Понятые — жильцы соседних домов — забыли про усталость, они вытягивали шеи, чтобы из-за плеча чекиста увидеть содержимое чемоданчика, извлеченного из сейфа. Когда золотые монеты и вещи были грудой высыпаны на стол, понятые ахнули. Они никогда не видели столько золота!
В подвале нашли каслинскую чугунную шкатулку, словно сплетенную из тонких черных кружев, набитую царскими десятирублевиками, два кожаных мешочка с золотым песком, пачки советских червонцев, серебряные рубли. А часов — со счета сбились! — золотых, серебряных, иностранных, русских, старинных и современных — целый музей заполнить можно.
Но бриллианта найти не могли.
К вечеру чекисты простукали все стены, подняли половицы, перерыли двор — нет бриллианта.
— Что же, собирайтесь, гражданин Залевский, — хмуро сказал Добош. И обернулся к понятым: — Спасибо, товарищи, вы свободны.
Залевский безропотно оделся. Ни слова не сказал жене, даже не обнял ее, лишь о чем-то по-польски попросил горничную.
Та вытерла слезы, закивала головой.
Наутро Добошу доложили: Залевский повесился на подтяжках в камере. Спасти не удалось.
Добош грохнул кулаком по столу. Бриллианта теперь не найти, дом весь перерыт. Может, камень у французов? Но такой жадный человек, как Залевский, вряд ли доверил свое сокровище посторонним.

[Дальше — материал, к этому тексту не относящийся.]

Lemma critical_point_bound s lt lr ltr mu mr la mt mtr ut w1 w2 w3 sg :
  0 < s -> Rabs sg = 1 ->
  exp (- mu) * ut =
    ((- 2 * lt - / s) * exp (- mu) - sg * ((mt + mr) * exp (- la))) * w1
    + (- exp (- mu) / s) * w2
    + (- ltr * exp (- mu - la) + sg * ((lr * mt - mt * mr - mtr) * exp (- 2 * la))) * w3 ->
  Rabs ut <=
    (2 / s + 2 * Rabs lt + (Rabs mt + Rabs mr) * exp (mu - la)) * (Rabs w1 + Rabs w2)
    + (Rabs ltr * exp (- la)
       + (Rabs mr * Rabs mt + Rabs lr * Rabs mt + Rabs mtr) * exp (mu - 2 * la)) * Rabs w3.
Proof.
  intros Hs Hsg Heq.
  rewrite (critical_point_solve s lt lr ltr mu mr la mt mtr ut w1 w2 w3 sg Hs Heq).
  assert (HE1 := exp_pos (mu - la)). assert (HE2 := exp_pos (- la)).
  assert (HE3 := exp_pos (mu - 2 * la)).
  set (E1 := exp (mu - la)) in *. set (E2 := exp (- la)) in *. set (E3 := exp (mu - 2 * la)) in *.
  assert (Hs' : 0 < / s) by now apply Rinv_0_lt_compat.
  assert (Hmt := Rabs_pos mt). assert (Hmr := Rabs_pos mr). assert (Hlt := Rabs_pos lt).
  apply abs_comb3_le.
  - unfold Rminus.
    eapply Rle_trans; [apply Rabs_triang |].
    eapply Rle_trans; [apply Rplus_le_compat_r, Rabs_triang |].
    rewrite !Rabs_Ropp, !Rabs_mult, Hsg, (Rabs_pos_eq E1), (Rabs_pos_eq (/ s)), Rabs_left
      by lra.
    assert (Rabs (mt + mr) * E1 <= (Rabs mt + Rabs mr) * E1)
      by (apply Rmult_le_compat_r; [lra | apply Rabs_triang]).
    unfold Rdiv. lra.
  - rewrite Rabs_Ropp, Rabs_pos_eq by lra. unfold Rdiv. nra.
  - eapply Rle_trans; [apply Rabs_triang |].
    rewrite !Rabs_mult, Rabs_Ropp, Hsg, Rmult_1_l, (Rabs_pos_eq E2), (Rabs_pos_eq E3) by lra.
    apply Rplus_le_compat_l, Rmult_le_compat_r; [lra |].
    unfold Rminus. eapply Rle_trans; [apply Rabs_triang |].
    eapply Rle_trans; [apply Rplus_le_compat_r, Rabs_triang |].
    rewrite !Rabs_Ropp, !Rabs_mult. lra.
Qed.

Lemma derivable_pt_lim_exp_opp_mul g g' f f' r :
  derivable_pt_lim g r g' -> derivable_pt_lim f r f' ->
  derivable_pt_lim (fun q => exp (- g q) * f q) r (exp (- g r) * (f' - g' * f r)).
Proof.
  intros Hg Hf.
  assert (He := derivable_pt_lim_comp _ exp r _ _ (derivable_pt_lim_opp g r g' Hg)
                  (derivable_pt_lim_exp (- g r))).
  replace (exp (- g r) * (f' - g' * f r)) with (exp (- g r) * - g' * f r + exp (- g r) * f')
    by ring.
  exact (derivable_pt_lim_mult _ _ r _ _ He Hf).
Qed.

Lemma abs_weighted_combination_le sg P Q x1 y1 z1 x2 y2 z2 :
  Rabs sg = 1 -> 0 <= P -> 0 <= Q ->
  Rabs (P * (x1 - y1 * z1) + sg * (Q * (x2 - y2 * z2))) <=
  (Rabs x1 + Rabs y1 * Rabs z1) * P + (Rabs x2 + Rabs y2 * Rabs z2) * Q.
Proof.
  intros Hsg HP HQ.
  assert (T1 := Rabs_triang x1 (- (y1 * z1))). assert (T2 := Rabs_triang x2 (- (y2 * z2))).
  rewrite Rabs_Ropp, Rabs_mult in T1, T2.
  eapply Rle_trans; [apply Rabs_triang |].
  rewrite !Rabs_mult, Hsg, Rmult_1_l, (Rabs_pos_eq P), (Rabs_pos_eq Q) by lra.
  unfold Rminus. apply Rplus_le_compat; rewrite Rmult_comm; apply Rmult_le_compat_r; lra.
Qed.

Section Proposition_2_5.

Variables (I : R -> Prop)
  (lam lamt lamr lamtt lamtr mu mut mur mut_ mut_t mut_r : R -> R -> R)
  (psi dpsi phi dphi ddphi : R -> R)
  (X Xt Xr Y Yt Yr X1 X1t X1r Y1 Y1t Y1r : R -> R -> R).

Hypotheses (HI : is_interval I) (I1 : I 1) (Ipos : forall t, I t -> 0 < t)
  (Clam : C1_on I lam lamt lamr) (Clamt : C1_on I lamt lamtt lamtr)
  (Cmu : C1_on I mu mut mur) (Cmut : C1_on I mut_ mut_t mut_r)
  (Plam : periodic2 lam) (Pmu : periodic2 mu) (Pmut : periodic2 mut_)
  (Dpsi : forall r, derivable_pt_lim psi r (dpsi r)) (Cdpsi : continuity dpsi)
  (Dphi : forall r, derivable_pt_lim phi r (dphi r))
  (Ddphi : forall r, derivable_pt_lim dphi r (ddphi r)) (Cddphi : continuity ddphi)
  (Ppsi : periodic1 psi) (Pphi : periodic1 phi)
  (CX : C1_on I X Xt Xr) (CY : C1_on I Y Yt Yr) (PX : periodic2 X) (PY : periodic2 Y)
  (X_init : forall r, X 1 r = exp (- mu 1 r) * psi r - exp (- lam 1 r) * dphi r)
  (Y_init : forall r, Y 1 r = exp (- mu 1 r) * psi r + exp (- lam 1 r) * dphi r)
  (CX1 : C1_on I X1 X1t X1r) (CY1 : C1_on I Y1 Y1t Y1r)
  (PX1 : periodic2 X1) (PY1 : periodic2 Y1)
  (X1_eq : forall t r, I t ->
     exp (- mu t r) * X1t t r + exp (- lam t r) * X1r t r =
     ((- 2 * lamt t r - / t) * exp (- mu t r)
        - (mut_ t r + mur t r) * exp (- lam t r)) * X1 t r
     + (- exp (- mu t r) / t) * Y1 t r
     + (- lamtr t r * exp (- mu t r - lam t r)
        + (lamr t r * mut_ t r - mut_ t r * mur t r - mut_r t r)
          * exp (- 2 * lam t r)) * X t r)
  (Y1_eq : forall t r, I t ->
     exp (- mu t r) * Y1t t r - exp (- lam t r) * Y1r t r =
     (- exp (- mu t r) / t) * X1 t r
     + ((- 2 * lamt t r - / t) * exp (- mu t r)
        + (mut_ t r + mur t r) * exp (- lam t r)) * Y1 t r
     + (- lamtr t r * exp (- mu t r - lam t r)
        - (lamr t r * mut_ t r - mut_ t r * mur t r - mut_r t r)
          * exp (- 2 * lam t r)) * Y t r)
  (X1_init : forall r, X1 1 r = exp (- lam 1 r) * Xr 1 r)
  (Y1_init : forall r, Y1 1 r = exp (- lam 1 r) * Yr 1 r).

Let a0_at r := (Rabs (dpsi r) + Rabs (mur 1 r) * Rabs (psi r)) * exp (- mu 1 r - lam 1 r)
  + (Rabs (ddphi r) + Rabs (lamr 1 r) * Rabs (dphi r)) * exp (- 2 * lam 1 r).

Let v_at t r := 2 / t + 2 * Rabs (lamt t r)
  + (Rabs (mut_ t r) + Rabs (mur t r)) * exp (mu t r - lam t r).

Let h_at t r := Rabs (lamtr t r) * exp (- lam t r)
  + (Rabs (mur t r) * Rabs (mut_ t r) + Rabs (lamr t r) * Rabs (mut_ t r)
     + Rabs (mut_r t r)) * exp (mu t r - 2 * lam t r).

Let K t := supR (fun r => sqrt (X t r ^ 2 + Y t r ^ 2)).
Let A t := supR (fun r => sqrt (X1 t r ^ 2 + Y1 t r ^ 2)).
Let v t := supR (v_at t).
Let h t := supR (h_at t).
Let integrand s := v s * A s + h s * K s.

Lemma initial_data_bound u ur sg : Rabs sg = 1 -> pderiv_r I u ur ->
  (forall r, u 1 r = exp (- mu 1 r) * psi r + sg * (exp (- lam 1 r) * dphi r)) ->
  forall r, Rabs (exp (- lam 1 r) * ur 1 r) <= a0_at r.
Proof.
  intros Hsg Dur Hu r.
  destruct Clam as [_ [_ [_ [_ Dlamr]]]]. destruct Cmu as [_ [_ [_ [_ Dmur]]]].
  assert (Hur : ur 1 r = exp (- mu 1 r) * (dpsi r - mur 1 r * psi r)
                         + sg * (exp (- lam 1 r) * (ddphi r - lamr 1 r * dphi r))).
  { apply (uniqueness_limite (u 1) r); [now apply Dur |].
    apply is_derive_Reals, (is_derive_ext (fun q => exp (- mu 1 q) * psi q
                                          + sg * (exp (- lam 1 q) * dphi q))).
    { intros q. now rewrite Hu. }
    apply is_derive_Reals, derivable_pt_lim_plus;
      [| apply derivable_pt_lim_scal]; apply derivable_pt_lim_exp_opp_mul; auto. }
  assert (E1 : exp (- mu 1 r - lam 1 r) = exp (- lam 1 r) * exp (- mu 1 r))
    by (rewrite <- exp_plus; f_equal; ring).
  assert (E2 : exp (- 2 * lam 1 r) = exp (- lam 1 r) * exp (- lam 1 r))
    by (rewrite <- exp_plus; f_equal; ring).
  unfold a0_at. rewrite E1, E2, Hur.
  replace (exp (- lam 1 r) * (exp (- mu 1 r) * (dpsi r - mur 1 r * psi r)
            + sg * (exp (- lam 1 r) * (ddphi r - lamr 1 r * dphi r))))
    with (exp (- lam 1 r) * exp (- mu 1 r) * (dpsi r - mur 1 r * psi r)
          + sg * (exp (- lam 1 r) * exp (- lam 1 r) * (ddphi r - lamr 1 r * dphi r))) by ring.
  apply abs_weighted_combination_le; auto; left; apply Rmult_lt_0_compat; apply exp_pos.
Qed.

Ltac unpack_C1 :=
  destruct Clam as [Clam0 [Clamt0 [Clamr0 [Dlamt Dlamr]]]];
  destruct Clamt as [_ [_ [Clamtr0 [_ Dlamtr]]]];
  destruct Cmu as [Cmu0 [_ [Cmur0 [_ Dmur]]]];
  destruct Cmut as [Cmut0 [_ [Cmutr0 [_ Dmutr]]]];
  destruct CX as [CX0 [_ [_ [_ DXr]]]]; destruct CY as [CY0 [_ [_ [_ DYr]]]];
  destruct CX1 as [CX10 [_ [_ [DX1t DX1r]]]]; destruct CY1 as [CY10 [_ [_ [DY1t DY1r]]]].

Let a0_le_sup r : a0_at r <= supR a0_at.
Proof.
  unpack_C1.
  assert (Cpsi : continuity psi).
  { intros q. apply derivable_continuous_pt. exists (dpsi q). apply Dpsi. }
  assert (Cdphi : continuity dphi).
  { intros q. apply derivable_continuous_pt. exists (ddphi q). apply Ddphi. }
  assert (Ca0 : cont_on I (fun _ r => a0_at r)) by (unfold a0_at; solve_cont_on).
  assert (Pa0 : periodic_on I (fun _ r => a0_at r)).
  { intros t q _. unfold a0_at.
    assert (Pdphi := deriv_periodic1 phi dphi Pphi Dphi).
    rewrite (deriv_periodic1 psi dpsi Ppsi Dpsi), (deriv_periodic1 dphi ddphi Pdphi Ddphi),
      Ppsi, Pdphi, Pmu, Plam,
      (pderiv_r_periodic I mu mur (periodic2_on I mu Pmu) Dmur),
      (pderiv_r_periodic I lam lamr (periodic2_on I lam Plam) Dlamr); auto. }
  exact (le_supR I _ Ca0 Pa0 1 r I1).
Qed.

Lemma X1_init_le r : Rabs (X1 1 r) <= supR a0_at.
Proof.
  destruct CX as [_ [_ [_ [_ DXr]]]].
  rewrite X1_init. eapply Rle_trans; [| apply a0_le_sup].
  apply (initial_data_bound X Xr (-1)); auto.
  - rewrite Rabs_left; lra.
  - intros q. rewrite X_init. ring.
Qed.

Lemma Y1_init_le r : Rabs (Y1 1 r) <= supR a0_at.
Proof.
  destruct CY as [_ [_ [_ [_ DYr]]]].
  rewrite Y1_init. eapply Rle_trans; [| apply a0_le_sup].
  apply (initial_data_bound Y Yr 1); auto.
  - apply Rabs_R1.
  - intros q. rewrite Y_init. ring.
Qed.

Lemma v_at_nonneg t r : I t -> 0 <= v_at t r.
Proof.
  intros It. unfold v_at.
  assert (0 < 2 / t) by (apply Rdiv_lt_0_compat; [lra | now apply Ipos]).
  assert (E := exp_pos (mu t r - lam t r)).
  pose proof (Rabs_pos (lamt t r)). pose proof (Rabs_pos (mut_ t r)).
  pose proof (Rabs_pos (mur t r)).
  nra.
Qed.

Lemma h_at_nonneg t r : 0 <= h_at t r.
Proof.
  unfold h_at.
  assert (E1 := exp_pos (- lam t r)). assert (E2 := exp_pos (mu t r - 2 * lam t r)).
  pose proof (Rabs_pos (lamtr t r)). pose proof (Rabs_pos (mur t r)).
  pose proof (Rabs_pos (mut_ t r)). pose proof (Rabs_pos (lamr t r)).
  pose proof (Rabs_pos (mut_r t r)).
  assert (0 <= Rabs (mur t r) * Rabs (mut_ t r)) by nra.
  assert (0 <= Rabs (lamr t r) * Rabs (mut_ t r)) by nra.
  nra.
Qed.

Lemma integrand_nonneg s : I s -> 0 <= integrand s.
Proof.
  intros Is. unfold integrand, v, h, A, K.
  assert (0 <= supR (v_at s)) by (apply supR_nonneg; intros; now apply v_at_nonneg).
  assert (0 <= supR (h_at s)) by (apply supR_nonneg; intros; apply h_at_nonneg).
  assert (0 <= supR (fun r => sqrt (X1 s r ^ 2 + Y1 s r ^ 2)))
    by (apply supR_nonneg; intros; apply sqrt_pos).
  assert (0 <= supR (fun r => sqrt (X s r ^ 2 + Y s r ^ 2)))
    by (apply supR_nonneg; intros; apply sqrt_pos).
  nra.
Qed.

Lemma A_le t M : (forall r, Rabs (X1 t r) <= M) -> (forall r, Rabs (Y1 t r) <= M) ->
  A t <= sqrt 2 * M.
Proof. intros HX HY. apply supR_lub. intros r. now apply sqrt_sum_sq_le. Qed.

Section Nondegenerate.

(* Needed for the periodicity of [lamt]: [pderiv_t] says nothing when [I] is a point. *)
Hypothesis NI : no_isolated_points I.

Let P_A_at : periodic_on I (fun t r => sqrt (X1 t r ^ 2 + Y1 t r ^ 2)).
Proof. intros t r _. now rewrite PX1, PY1. Qed.

Let P_K_at : periodic_on I (fun t r => sqrt (X t r ^ 2 + Y t r ^ 2)).
Proof. intros t r _. now rewrite PX, PY. Qed.

Let P_coefficients : periodic_on I v_at /\ periodic_on I h_at.
Proof.
  unpack_C1.
  assert (Plamt := pderiv_t_periodic I lam lamt NI (periodic2_on I lam Plam) Dlamt).
  assert (Plamtr := pderiv_r_periodic I lamt lamtr Plamt Dlamtr).
  assert (Plamr := pderiv_r_periodic I lam lamr (periodic2_on I lam Plam) Dlamr).
  assert (Pmur := pderiv_r_periodic I mu mur (periodic2_on I mu Pmu) Dmur).
  assert (Pmutr := pderiv_r_periodic I mut_ mut_r (periodic2_on I mut_ Pmut) Dmutr).
  split; intros t r It; unfold v_at, h_at.
  - rewrite Plamt, Pmut, Pmur, Pmu, Plam; auto.
  - rewrite Plamtr, Plam, Pmur, Pmut, Plamr, Pmutr, Pmu; auto.
Qed.

Let C_coefficients : cont_on I v_at /\ cont_on I h_at.
Proof. unpack_C1. split; [unfold v_at | unfold h_at]; solve_cont_on. Qed.

Let C_norms : cont_on I (fun t r => sqrt (X1 t r ^ 2 + Y1 t r ^ 2))
              /\ cont_on I (fun t r => sqrt (X t r ^ 2 + Y t r ^ 2)).
Proof. unpack_C1. split; solve_cont_on. Qed.

Lemma cont_on_integrand : cont_on I (fun s _ => integrand s).
Proof.
  destruct P_coefficients, C_coefficients, C_norms.
  unfold integrand, v, h, A, K.
  apply cont_on_plus; apply cont_on_mult; now apply cont_on_supR.
Qed.

Lemma critical_le_integrand s r ut w1 w2 w3 : I s ->
  Rabs ut <= v_at s r * (Rabs w1 + Rabs w2) + h_at s r * Rabs w3 ->
  Rabs w1 + Rabs w2 <= sqrt 2 * A s -> Rabs w3 <= K s ->
  Rabs ut <= 3 / sqrt 2 * integrand s.
Proof.
  intros Is Hut Hw12 Hw3.
  destruct P_coefficients as [Pv Ph]. destruct C_coefficients as [Cv Ch].
  assert (Hv := le_supR I v_at Cv Pv s r Is). assert (Hh := le_supR I h_at Ch Ph s r Is).
  fold (v s) in Hv. fold (h s) in Hh.
  assert (Hv0 := v_at_nonneg s r Is). assert (Hh0 := h_at_nonneg s r).
  assert (HF := integrand_nonneg s Is). unfold integrand in *.
  assert (Hw12' : 0 <= Rabs w1 + Rabs w2)
    by (pose proof (Rabs_pos w1); pose proof (Rabs_pos w2); lra).
  assert (Hw3' := Rabs_pos w3).
  assert (H1 : v_at s r * (Rabs w1 + Rabs w2) <= v s * (sqrt 2 * A s))
    by (apply Rmult_le_compat; lra).
  assert (H2 : h_at s r * Rabs w3 <= h s * K s) by (apply Rmult_le_compat; lra).
  assert (0 <= A s) by (apply supR_nonneg; intros; apply sqrt_pos).
  assert (HvA : 0 <= v s * A s) by nra. assert (HhK : 0 <= h s * K s) by nra.
  replace (v s * (sqrt 2 * A s)) with (sqrt 2 * (v s * A s)) in H1 by ring.
  assert (Hs2 := sqrt_sqrt 2 ltac:(lra)). assert (Hs0 := Rlt_sqrt2_0).
  assert (Hc : 3 / sqrt 2 * sqrt 2 = 3) by (field; lra).
  assert (Hc1 : sqrt 2 <= 3 / sqrt 2) by nra.
  assert (Hc2 : 1 <= 3 / sqrt 2) by nra.
  nra.
Qed.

За границу он должен был прийти не с пустыми руками. Тайну бриллианта Залевский унес с собой, на тот свет! «Я допустил ошибку. И серьезную! — ругал себя Добош. — Не надо было торопиться с арестом. Следовало брать Залевского при уходе. Бриллиант наверняка бы был при нем. Как я теперь посмотрю в глаза Ногину? Такое верное дело провалить! Гнать меня надо из органов!»
Добош прикрыл глаза, попытался еще раз вспомнить ход обыска. Не мог же бриллиант раствориться? А если Залевский хранил его у своих близких или знакомых? Но таких у него в Перми не было. Кроме засекреченной любовницы. Но ее дом обыскали. Стоп… А горничная? Она приехала с ним из Питера. Но она жила в доме, который перерыли весь. А что же ей Залевский сказал на прощание по-польски? Почему обратился с последними словами перед уходом к прислуге, а не к жене?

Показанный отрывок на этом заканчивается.